The law that obliged restaurants to offer the Menú del Día disappeared with Franco in 1975 (and not all of the restaurants mentioned in this book offer one, so you might want to check beforehand), but its inherent appeal endures. Lunch remains the big meal of the day in Spain, a country -- perhaps the only remaining country in the world -- that still finds time to all but close down for three hours to properly enjoy it. In fact, a 2006 survey found that 63 percent of working Spaniards still sit down to the Menú del Día every weekday.
This book is the result of the time I have spent living, writing, traveling, and more importantly, shopping in food markets and specialty stores: cooking, watching other people cook, and eating in Spain. And in particular, it is the result of a wonderfully revelatory, meandering, and -- save for a brief list of regional products and dishes and the names of a few recommended restaurants -- unplanned four-month-long journey I undertook in 2007. Made by train, bus, and thumbed lifts, this journey ended up crisscrossing pretty much the whole of Spain and rewarded me with all sorts of anecdotes, information, and recipes from, among others, chefs, restaurateurs, market stall holders, olive oil producers, mushroom hunters (professional and amateur), fishermen, farmers, and foragers. No one I met refused me help.
While I hope the recipes contained here are both appealing and delicious, I hope equally that, along with the accompanying introductions and notes, they give you as much of an insight into Spain and the Spanish as they do their eating habits.

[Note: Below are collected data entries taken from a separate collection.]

Lemma walls_confine y z l r :
  y l = true -> y (l + 1) = false -> y r = true -> y (r + 1) = false ->
  (forall i, i <= l + 1 \/ r <= i -> y i = z i) ->
  forall t i, i <= l + 1 \/ r <= i -> Nat.iter t F y i = Nat.iter t F z i.
Proof.
  intros Yl Yl1 Yr Yr1 Hyz.
  assert (Zl : z l = true) by (rewrite <- Hyz by lia; auto).
  assert (Zl1 : z (l + 1) = false) by (rewrite <- Hyz by lia; auto).
  assert (Zr : z r = true) by (rewrite <- Hyz by lia; auto).
  assert (Zr1 : z (r + 1) = false) by (rewrite <- Hyz by lia; auto).
  intros t; induction t as [|t IH]; intros i Hi; [simpl; auto|].
  destruct (Z.eq_dec i (l + 1)) as [->|Hnl].
  { now rewrite (proj2 (wall_persists y l Yl Yl1 (S t))),
                (proj2 (wall_persists z l Zl Zl1 (S t))). }
  destruct (Z.eq_dec i r) as [->|Hnr].
  { now rewrite (proj1 (wall_persists y r Yr Yr1 (S t))),
                (proj1 (wall_persists z r Zr Zr1 (S t))). }
  simpl; unfold eca; rewrite !IH by lia; reflexivity.
Qed.

Lemma wall_between y j k : j < k -> y j = true -> y k = false ->
  exists m, j <= m < k /\ y m = true /\ y (m + 1) = false.
Proof.
  intros Hjk Hj Hk.
  remember (Z.to_nat (k - j)) as n eqn:En; revert j Hjk Hj En.
  induction n as [|n IH]; intros j Hjk Hj En; [lia|].
  destruct (y (j + 1)) eqn:Hj1.
  - destruct (Z.eq_dec (j + 1) k) as [<-|Hne]; [congruence|].
    destruct (IH (j + 1)) as (m & ? & ?); auto; try lia.
    exists m; split; [lia|auto].
  - exists j; split; [lia|auto].
Qed.

Lemma leftmost_true y b0 m : (forall i, i < b0 -> y i = false) -> y m = true ->
  exists s, y s = true /\ forall i, i < s -> y i = false.
Proof.
  intros Hlow Hm.
  assert (Hscan : forall n, (exists s, y s = true /\ forall i, i < s -> y i = false)
                            \/ (forall i, i < b0 + Z.of_nat n -> y i = false)).
  { induction n as [|n [IH|IH]]; auto.
    - right; intros i Hi; apply Hlow; lia.
    - destruct (y (b0 + Z.of_nat n)) eqn:E; [left; eauto|].
      right; intros i Hi.
      destruct (Z.eq_dec i (b0 + Z.of_nat n)) as [->|]; auto.
      apply IH; lia. }
  destruct (Hscan (S (Z.to_nat (m - b0)))) as [|Hall]; auto.
  destruct (Z_lt_le_dec m b0); [rewrite Hlow in Hm; auto; discriminate|].
  rewrite Hall in Hm by lia; discriminate.
Qed.

Lemma front_step y s : (forall i, i < s -> y i = false) -> y s = true ->
  (forall i, i < s - 1 -> F y i = false) /\ F y (s - 1) = true.
Proof.
  intros Hlow Hs; split.
  - intros i Hi; rewrite F_spec, !Hlow by lia; reflexivity.
  - rewrite F_spec; replace (s - 1 + 1) with s by lia.
    rewrite !Hlow by lia; rewrite Hs; reflexivity.
Qed.

Lemma front_iter y s : (forall i, i < s -> y i = false) -> y s = true ->
  forall t, (forall i, i < s - Z.of_nat t -> Nat.iter t F y i = false)
            /\ Nat.iter t F y (s - Z.of_nat t) = true.
Proof.
  intros Hlow Hs t; induction t as [|t [IHlow IHs]].
  - simpl; replace (s - 0) with s by lia; auto.
  - replace (s - Z.of_nat (S t)) with (s - Z.of_nat t - 1) by lia.
    exact (front_step _ _ IHlow IHs).
Qed.

Lemma periodic_add_mul u i k :
  periodic u (i + Z.of_nat (length u) * k) = periodic u i.
Proof. unfold periodic; rewrite (Z.mul_comm _ k), Z_mod_plus_full; reflexivity. Qed.

Lemma periodic_nth u j : (j < length u)%nat -> periodic u (Z.of_nat j) = nth j u false.
Proof. intros Hj; unfold periodic; rewrite Z.mod_small, Nat2Z.id by lia; reflexivity. Qed.

Lemma periodic_const u b : u <> nil -> (forall v, In v u -> v = b) ->
  forall i, periodic u i = b.
Proof.
  intros Hu Hb i; apply Hb, nth_In.
  destruct u as [|v u]; [congruence|]; simpl length.
  pose proof (Z.mod_pos_bound i (Z.of_nat (S (length u)))); lia.
Qed.

Lemma patch_outside u x i : i < 0 \/ Z.of_nat (length x) <= i -> patch u x i = periodic u i.
Proof.
  intros Hi; unfold patch.
  destruct (0 <=? i) eqn:E1, (i <? Z.of_nat (length x)) eqn:E2; auto.
  apply Z.leb_le in E1; apply Z.ltb_lt in E2; lia.
Qed.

These recipes will serve you well for brunch, lunch, or dinner, all year round. Fresh ingredients feature prominently and so do bold flavors. And when it comes to the cleaning up, you will further praise the great Spanish tradition of one-pot cooking. This is good, solid food and the odd slip, miscalculation, or change of ingredient is unlikely to spoil your enjoyment of it. There are certainly some dos and don'ts, some basic practices and techniques, but this is not and never has been a precise, persnickety cuisine and to treat it that way would be to lose its essence. None of these dishes is complicated and a number of them you will be able to put together in minutes. However, others will require some of your time -- that most treasured and closely guarded (if not noble) of Spanish commodities.

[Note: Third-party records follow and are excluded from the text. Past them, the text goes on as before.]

(* Let $\beta\ne0$, and consider the episodic MDP with finite state and action spaces, a tabular stochastic policy $\pi_\theta$, soft value functions $V^\beta_{\pi_\theta},Q^\beta_{\pi_\theta}$ and behavior state weights $\rho_b$ as in the context. Define $$g(\pi_\theta)=\frac1\beta\sum_{s\in\mathcal S}\rho_b(s)\sum_{a\in\mathcal A}\nabla_\theta\pi_\theta(a|s)\,e^{\beta Q^\beta_{\pi_\theta}(s,a)},$$ where $Q^\beta_{\pi_\theta}$ is held fixed (not differentiated), and let $\theta'=\theta+\alpha\,g(\pi_\theta)$. Then there exists $\epsilon>0$ such that for all $0<\alpha<\epsilon$, $$V^\beta_{\pi_\theta}(s)\le V^\beta_{\pi_{\theta'}}(s)\qquad\text{for all }s\in\mathcal S.$$
   Context: Episodic MDP: finite state space $\mathcal S$, finite action space $\mathcal A$, transition probabilities $p(s'|s,a)$, reward $r(s,a)$. There is a set $\mathcal S_{\rm term}\subset\mathcal S$ of absorbing terminal states with $r(s,a)=0$ and $p(\mathcal S_{\rm term}|s,a)=1$ for $s\in\mathcal S_{\rm term}$, and an integer $T$ such that from any state, under any sequence of actions, the state lies in $\mathcal S_{\rm term}$ after at most $T$ transitions with probability 1. Tabular stochastic policy: $\theta=(\theta_s)_{s\in\mathcal S}$, and for each $s$ the distribution $\pi_\theta(\cdot|s)$ on $\mathcal A$ depends only on the block $\theta_s$, continuously differentiably (e.g. softmax $\pi_\theta(a|s)=e^{\theta_{s,a}}/\sum_{a'}e^{\theta_{s,a'}}$). Soft value functions: $V^\beta_\pi(s)=\frac1\beta\log\mathbb{E}_\pi\big[e^{\beta\sum_{t\ge1}r_t}\mid s_1=s\big]$, $Q^\beta_\pi(s,a)=\frac1\beta\log\mathbb{E}_\pi\big[e^{\beta\sum_{t\ge1}r_t}\mid s_1=s,a_1=a\big]$; they satisfy $V^\beta_\pi(s)=\frac1\beta\log\sum_a\pi(a|s)e^{\beta Q^\beta_\pi(s,a)}$ and $Q^\beta_\pi(s,a)=r(s,a)+\frac1\beta\log\sum_{s'}p(s'|s,a)e^{\beta V^\beta_\pi(s')}$. $\rho_b:\mathcal S\to[0,\infty)$ is the state distribution of an arbitrary behavior policy (any nonnegative weights). *)

From HB Require Import structures.
From mathcomp Require Import all_boot all_order all_algebra.
From mathcomp Require Import all_classical all_reals all_analysis.
Set Implicit Arguments. Unset Strict Implicit. Unset Printing Implicit Defensive.
Import Order.TTheory GRing.Theory Num.Theory.
Import numFieldNormedType.Exports.
Local Open Scope ring_scope.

Something of Spain's relationship with time was explained to me one evening shortly before Christmas 2002 in the restaurant car of the sleeper train from Barcelona to Paris when, over steak and Rioja, an immaculate, blue-suited, and white-bearded eighty-six-year-old Valencian told me why he wouldn't be following his family -- children, grandchildren, great-grandchildren -- to live in France. He loved them dearly, and he missed them as much. "There's no time to do nothing in France," he said, earnestly. "Not in France, Germany, America, England...But in Spain...in Spain there's still time to do nothing."